H. F. No. 614, relating to health; expanding the reserve corridor for community integrated service networks; modifying the definition of review organization.
H. F. No. 583, relating to insurance; regulating investments by township mutual insurance companies.
H. F. No. 1066, relating to insurance; township mutual insurance companies; regulating the territories of operation.
H. F. No. 1660, relating to health occupations; exempting persons employed by a nonprofit organization performing duties that are incidental to research from the unlawful practice of medicine.
H. F. No. 1216, relating to occupations and professions; modifying practical examination requirements for chiropractors licensed in other states.
Sincerely,
Jesse Ventura
Governor
OFFICE OF THE SECRETARY OF STATE
ST. PAUL 55155
Speaker of the House of Representatives
The Honorable Allan H. Spear
President of the Senate
I have the honor to inform you that the following enrolled Acts of the 1999 Session of the State Legislature have been received from the Office of the Governor and are deposited in the Office of the Secretary of State for preservation, pursuant to the State Constitution, Article IV, Section 23:
Time and
S.F. H.F. Session Laws Date Approved Date Filed
No. No. Chapter No. 1999 1999
1565 46 11:05 a.m. April 15 April 15
1556 47 10:44 a.m. April 15 April 15
525 48 11:08 a.m. April 15 April 15
240 49 11:10 a.m. April 15 April 15
216 50 11:13 a.m. April 15 April 15
614 51 10:45 a.m. April 15 April 15
583 52 10:56 a.m. April 15 April 15
1066 53 10:57 a.m. April 15 April 15
1660 54 10:47 a.m. April 15 April 15
1216 55 10:49 a.m. April 15 April 15
1173 56 10:59 a.m. April 15 April 15
803 57 11:03 a.m. April 15 April 15
984 58 10:50 a.m. April 15 April 15
836 59 10:53 a.m. April 15 April 15
Sincerely,
Mary Kiffmeyer
Secretary of State
Pawlenty from the Committee on Rules and Legislative Administration to which was referred:
H. F. No. 589, A bill for an act relating to retirement; various statewide and local pension plans; providing special benefit coverage for privatized employees of the Luverne public hospital and the Waconia Ridgeview medical center; providing an ad hoc postretirement adjustment to Eveleth police and fire trust fund benefit recipients; establishing an additional postretirement adjustment for the Fairmont police relief association; extending survivor benefit provisions to include certain Fairmont police relief association survivors; providing a special ad hoc postretirement adjustment to certain retired St.
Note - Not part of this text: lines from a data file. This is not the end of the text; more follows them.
(* For every integer $k\ge 6$, there are infinitely many (pairwise non-isomorphic) $k$-vertex-critical graphs that are both $P_5$-free and $C_5$-free.
   Context: $\chi(G)$ denotes the chromatic number of $G$. A graph $G$ is $k$-vertex-critical if $\chi(G)=k$ and $\chi(G-v)<k$ for every vertex $v$ of $G$. $P_5$ is the path on five vertices and $C_5$ is the 5-cycle. A graph is $H$-free if it contains no induced subgraph isomorphic to $H$. *)

From mathcomp Require Import all_boot.
Set Implicit Arguments. Unset Strict Implicit. Unset Printing Implicit Defensive.

Definition simple_graph (T : finType) (e : rel T) : Prop :=
  symmetric e /\ irreflexive e.

Definition colorable_on (T : finType) (e : rel T) (S : {set T}) (k : nat) : Prop :=
  exists c : T -> 'I_k, forall x y, x \in S -> y \in S -> e x y -> c x != c y.

Definition chi_on (T : finType) (e : rel T) (S : {set T}) (k : nat) : Prop :=
  colorable_on e S k /\ forall j, colorable_on e S j -> k <= j.

Definition chi (T : finType) (e : rel T) (k : nat) : Prop := chi_on e setT k.

Definition vertex_critical (T : finType) (e : rel T) (k : nat) : Prop :=
  chi e k /\ forall v : T, forall j, chi_on e [set~ v] j -> j < k.

Definition induced_sub (m : nat) (h : rel 'I_m) (T : finType) (e : rel T) : Prop :=
  exists f : 'I_m -> T, injective f /\ forall i j, e (f i) (f j) = h i j.

Definition H_free (m : nat) (h : rel 'I_m) (T : finType) (e : rel T) : Prop :=
  ~ induced_sub h e.

Definition P5 : rel 'I_5 := fun i j => (i.+1 == j :> nat) || (j.+1 == i :> nat).
Definition C5 : rel 'I_5 :=
  fun i j => (j == (i.+1 %% 5) :> nat) || (i == (j.+1 %% 5) :> nat).

From mathcomp Require Import all_boot zify.
Set Implicit Arguments. Unset Strict Implicit. Unset Printing Implicit Defensive.

(* The witnesses are the circular cliques K_{n/d} with n = (k-1)d + 1: vertices
   are the points of Z_n, adjacent when their clockwise distances [cw] both ways
   are at least d. Pairwise non-adjacent vertices fit in an arc of d points, so
   a colour class has at most d vertices and chi >= n/d > k-1; colouring x by
   x/d uses k colours, and after deleting v, colouring x by (cw v x - 1)/d uses
   k-1. Two non-adjacent vertices are within clockwise distance < d of each
   other in some direction, and along an induced 4- or 5-cycle of the
   complement this direction cannot flip; the cycle would then wind around Z_n
   in fewer than 5 steps of length < d <= n/5, which is impossible. This
   excludes 2K2 (whose complement is C4, and which P5 contains) and C5. *)

Definition cw (n x y : nat) : nat := if x <= y then y - x else y + n - x.

Definition circular_clique (n d : nat) : rel 'I_n :=
  fun x y => (d <= cw n x y) && (d <= cw n y x).

Lemma ltn_div_gap a b d : 0 < d -> a + d <= b -> a %/ d < b %/ d.
Proof.
move=> d_gt0 ab; apply: leq_trans (leq_div2r d ab).
by rewrite divnDr // divnn d_gt0 addn1.
Qed.

Lemma colorable_on_div (T : finType) (e : rel T) (S : {set T}) (g : T -> nat) m d :
  0 < m -> (forall x, x \in S -> g x < m * d) ->
  (forall x y, x \in S -> y \in S -> e x y -> g x + d <= g y \/ g y + d <= g x) ->
  colorable_on e S m.
Proof.
move=> m_gt0 g_lt gap.
exists (fun x => Ordinal (ltn_pmod (g x %/ d) m_gt0)) => x y Sx Sy exy.
have d_gt0 : 0 < d by rewrite lt0n; apply: contraTneq (g_lt x Sx) => ->; rewrite muln0.
have lt_m z : z \in S -> g z %/ d < m by move/g_lt; rewrite ltn_divLR.
rewrite -val_eqE /= !modn_small ?lt_m //.
by case: (gap x y Sx Sy exy) => /(ltn_div_gap d_gt0); [move/ltn_eqF | rewrite eq_sym => /ltn_eqF] => ->.
Qed.

Section CircularClique.
Variables n d : nat.
Hypothesis d_gt0 : 0 < d.

Local Notation G := (@circular_clique n d).

Lemma circular_clique_sym : symmetric G.
Proof. by move=> x y; rewrite /circular_clique andbC. Qed.

Lemma cwxx x : cw n x x = 0.
Proof. by rewrite /cw leqnn subnn. Qed.

Lemma circular_clique_irrefl : irreflexive G.
Proof. by move=> x; rewrite /circular_clique cwxx leqNgt d_gt0. Qed.

Lemma circular_cliqueN (x y : 'I_n) : ~~ G x y = (cw n x y < d) || (cw n y x < d).
Proof. by rewrite negb_and -!ltnNge. Qed.

Ltac cw_lia := rewrite /circular_clique /cw; repeat case: ifP => ?; lia.

Lemma cw_inj (r : 'I_n) : injective (fun x : 'I_n => cw n r x).
Proof.
move=> x y /= eq_cw; apply: ord_inj; move: eq_cw.
by have := ltn_ord r; have := ltn_ord x; have := ltn_ord y; cw_lia.
Qed.

Lemma cw_lt_next (x y z : 'I_n) : cw n x y < d -> ~~ G y z -> G x z -> cw n y z < d.
Proof. by have := ltn_ord x; have := ltn_ord y; have := ltn_ord z; cw_lia. Qed.

Hypothesis n_ge5d : 5 * d <= n.

(* The step lengths add up to a multiple of n, but to less than 5d <= n. *)
Lemma cw_closed_walk5 (y0 y1 y2 y3 y4 : 'I_n) :
  cw n y0 y1 < d -> cw n y1 y2 < d -> cw n y2 y3 < d -> cw n y3 y4 < d -> cw n y4 y0 < d ->
  y0 = y2.
Proof.
move=> h01 h12 h23 h34 h40; apply: ord_inj; move: h01 h12 h23 h34 h40.
move: (ltn_ord y0) (ltn_ord y1) (ltn_ord y2) (ltn_ord y3) (ltn_ord y4); cw_lia.
Qed.

Lemma complement_C4_oriented (y0 y1 y2 y3 : 'I_n) :
  cw n y0 y1 < d -> ~~ G y1 y2 -> ~~ G y2 y3 -> ~~ G y3 y0 -> G y0 y2 -> G y1 y3 -> False.
Proof.
move=> h01 n12 n23 n30 g02 g13.
have h12 := cw_lt_next h01 n12 g02.
have h23 := cw_lt_next h12 n23 g13.
have h30 := cw_lt_next h23 n30 (etrans (circular_clique_sym _ _) g02).
(* A 4-cycle is a closed 5-step walk with a null last step. *)
have h00 : cw n y0 y0 < d by rewrite cwxx.
by move: g02; rewrite (cw_closed_walk5 h01 h12 h23 h30 h00) circular_clique_irrefl.
Qed.

Lemma complement_C5_oriented (y0 y1 y2 y3 y4 : 'I_n) :
  cw n y0 y1 < d -> ~~ G y1 y2 -> ~~ G y2 y3 -> ~~ G y3 y4 -> ~~ G y4 y0 ->
  G y0 y2 -> G y1 y3 -> G y2 y4 -> G y3 y0 -> False.
Proof.
move=> h01 n12 n23 n34 n40 g02 g13 g24 g30.
have h12 := cw_lt_next h01 n12 g02.
have h23 := cw_lt_next h12 n23 g13.
have h34 := cw_lt_next h23 n34 g24.
have h40 := cw_lt_next h34 n40 g30.
by move: g02; rewrite (cw_closed_walk5 h01 h12 h23 h34 h40) circular_clique_irrefl.
Qed.

Lemma circular_clique_no_2K2 (a b c e : 'I_n) :
  G a b -> G c e -> ~~ G a c -> ~~ G a e -> ~~ G b c -> ~~ G b e -> False.
Proof.
move=> gab gce nac nae nbc nbe.
move: (nac); rewrite circular_cliqueN => /orP[ac | ca].
- by apply: (complement_C4_oriented ac _ nbe _ gab gce); rewrite circular_clique_sym.
- by apply: (complement_C4_oriented ca nae _ nbc gce gab); rewrite circular_clique_sym.
Qed.

Lemma circular_clique_no_C5 (y0 y1 y2 y3 y4 : 'I_n) :
  G y0 y1 -> G y1 y2 -> G y2 y3 -> G y3 y4 -> G y4 y0 ->
  ~~ G y0 y2 -> ~~ G y1 y3 -> ~~ G y2 y4 -> ~~ G y3 y0 -> ~~ G y4 y1 -> False.
Proof.
move=> g01 g12 g23 g34 g40 n02 n13 n24 n30 n41.
(* In the complement, y0 y2 y4 y1 y3 is again an induced 5-cycle. *)
move: (n02); rewrite circular_cliqueN => /orP[h02 | h20].
- by apply: (complement_C5_oriented h02 n24 n41 n13 n30); rewrite circular_clique_sym.
- by apply: (complement_C5_oriented h20 _ _ _ _ g23 g01 g34 g12); rewrite circular_clique_sym.
Qed.

Lemma independent_anchor (A : {pred 'I_n}) (a : 'I_n) : a \in A ->
  {in A &, forall x y, ~~ G x y} -> exists r : 'I_n, {in A, forall x : 'I_n, cw n r x < d}.
Proof.
move=> Aa indA.
(* r is the element of A farthest behind a, within distance d. *)
have Ba : a \in [pred x in A | cw n x a < d] by rewrite inE Aa cwxx.
case: (arg_maxnP (fun x : 'I_n => cw n x a) Ba) => r /andP[Ar ra] rmax.
exists r => x Ax; move: (indA _ _ Ar Ax) (indA _ _ Ax Aa) ra.
have [xa | ax] := ltnP (cw n x a) d.
- have xr : cw n x a <= cw n r a by apply: rmax; rewrite /= Ax xa.
  by move: xa xr (ltn_ord r) (ltn_ord x) (ltn_ord a); rewrite !circular_cliqueN; cw_lia.
- by move: ax (ltn_ord r) (ltn_ord x) (ltn_ord a); rewrite !circular_cliqueN; cw_lia.
Qed.

Lemma independent_card_le (A : {pred 'I_n}) : {in A &, forall x y, ~~ G x y} -> #|A| <= d.
Proof.
move=> indA; case: (pickP A) => [a Aa | A0]; last by rewrite eq_card0.
have [r r_anchor] := independent_anchor Aa indA.
rewrite cardE -(size_map (fun x : 'I_n => cw n r x)) -(size_iota 0 d).
apply: uniq_leq_size => [|_ /mapP[x Ax ->]]; first by rewrite (map_inj_uniq (@cw_inj r)) enum_uniq.
by rewrite mem_iota /= r_anchor // -mem_enum.
Qed.

Lemma circular_clique_colorable_ge j : colorable_on G setT j -> n <= j * d.
Proof.
case=> c proper_c.
rewrite -{1}[n]card_ord -sum1_card (partition_big c predT) //= -[j in j * d]card_ord -sum_nat_const.
apply: leq_sum => i _; rewrite sum1_card; apply: independent_card_le => x y.
move=> /eqP cx /eqP cy.
by apply/negP => /(proper_c x y (in_setT x) (in_setT y)); rewrite -val_eqE cx cy eqxx.
Qed.

Lemma circular_clique_P5_free : H_free P5 G.
Proof.
move=> [f [_ fE]]; pose E i j (hi : i < 5) (hj : j < 5) := fE (Ordinal hi) (Ordinal hj).
exact: (circular_clique_no_2K2 (E 0 1 isT isT) (E 3 4 isT isT)
  (negbT (E 0 3 isT isT)) (negbT (E 0 4 isT isT)) (negbT (E 1 3 isT isT)) (negbT (E 1 4 isT isT))).
Qed.

Lemma circular_clique_C5_free : H_free C5 G.
Proof.
move=> [f [_ fE]]; pose E i j (hi : i < 5) (hj : j < 5) := fE (Ordinal hi) (Ordinal hj).
exact: (circular_clique_no_C5 (E 0 1 isT isT) (E 1 2 isT isT) (E 2 3 isT isT) (E 3 4 isT isT)
  (E 4 0 isT isT) (negbT (E 0 2 isT isT)) (negbT (E 1 3 isT isT)) (negbT (E 2 4 isT isT))
  (negbT (E 3 0 isT isT)) (negbT (E 4 1 isT isT))).
Qed.

Variable m : nat.
Hypothesis n_def : n = m * d + 1.

Lemma circular_clique_colorable : colorable_on G setT m.+1.
Proof.
apply: (@colorable_on_div _ _ _ (@nat_of_ord n) _ d) => // [x _ | x y _ _].
  by rewrite mulSn; move: (ltn_ord x); lia.
by move: (ltn_ord x) (ltn_ord y); cw_lia.
Qed.

Lemma circular_clique_colorable_setC1 v : colorable_on G [set~ v] m.
Proof.
apply: (@colorable_on_div _ _ _ (fun x : 'I_n => cw n v x - 1) _ d) => [| x | x y].
- by rewrite lt0n; apply: contraTneq n_ge5d => m0; rewrite n_def m0; lia.
- by rewrite !inE -(inj_eq (@ord_inj n)); move: (ltn_ord x) (ltn_ord v); cw_lia.
- by rewrite !inE -!(inj_eq (@ord_inj n)); move: (ltn_ord x) (ltn_ord y) (ltn_ord v); cw_lia.
Qed.

Lemma circular_clique_chi : chi G m.+1.
Proof.
split=> [|j]; first exact: circular_clique_colorable.
by move=> /circular_clique_colorable_ge; rewrite n_def addn1 ltn_pmul2r.
Qed.

Lemma circular_clique_vertex_critical : vertex_critical G m.+1.
Proof.
split=> [|v j [_ min_j]]; first exact: circular_clique_chi.
exact: leq_ltn_trans (min_j m (circular_clique_colorable_setC1 v)) (ltnSn m).
Qed.

End CircularClique.

Theorem corollary2p8 :
  forall k : nat, 6 <= k ->
  forall N : nat, exists (n : nat) (e : rel 'I_n),
    N < n /\ simple_graph e /\ vertex_critical e k /\ H_free P5 e /\ H_free C5 e.
Proof.
move=> k k_ge6 N; set d := N.+1; set m := k.-1.
have k_def : k = m.+1 by rewrite prednK //; lia.
have n_ge5d : 5 * d <= m * d + 1.
  by rewrite (leq_trans _ (leq_addr 1 _)) // leq_mul2r; lia.
exists (m * d + 1), (@circular_clique (m * d + 1) d); rewrite k_def.
split; first by move: n_ge5d; lia.
split; first by split; [exact: circular_clique_sym | exact: circular_clique_irrefl].
split; first exact: circular_clique_vertex_critical.
by split; [exact: circular_clique_P5_free | exact: circular_clique_C5_free].
Qed.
Cloud police officers; authorizing the purchase of credit for certain periods of prior military service, out-of-state public school teaching service, maternity leaves, maternity breaks in employment, parochial and private school teaching service, Peace Corps service, VISTA service, and charter school teaching service; authorizing service credit purchases by certain plan members; authorizing the designation of a supplemental needs trust as an optional annuity form beneficiary; repealing the 30-year service maximum for monthly benefit volunteer firefighter relief associations; amending Minnesota Statutes 1998, section 356.55, subdivisions 1 and 6; Laws 1977, chapter 61, section 6, as amended; proposing coding for new law in Minnesota Statutes, chapters 354; 354A; and 356; repealing Minnesota Statutes 1998, section 424A.02, subdivision 5; Laws 1998, chapter 390, article 1, section 1.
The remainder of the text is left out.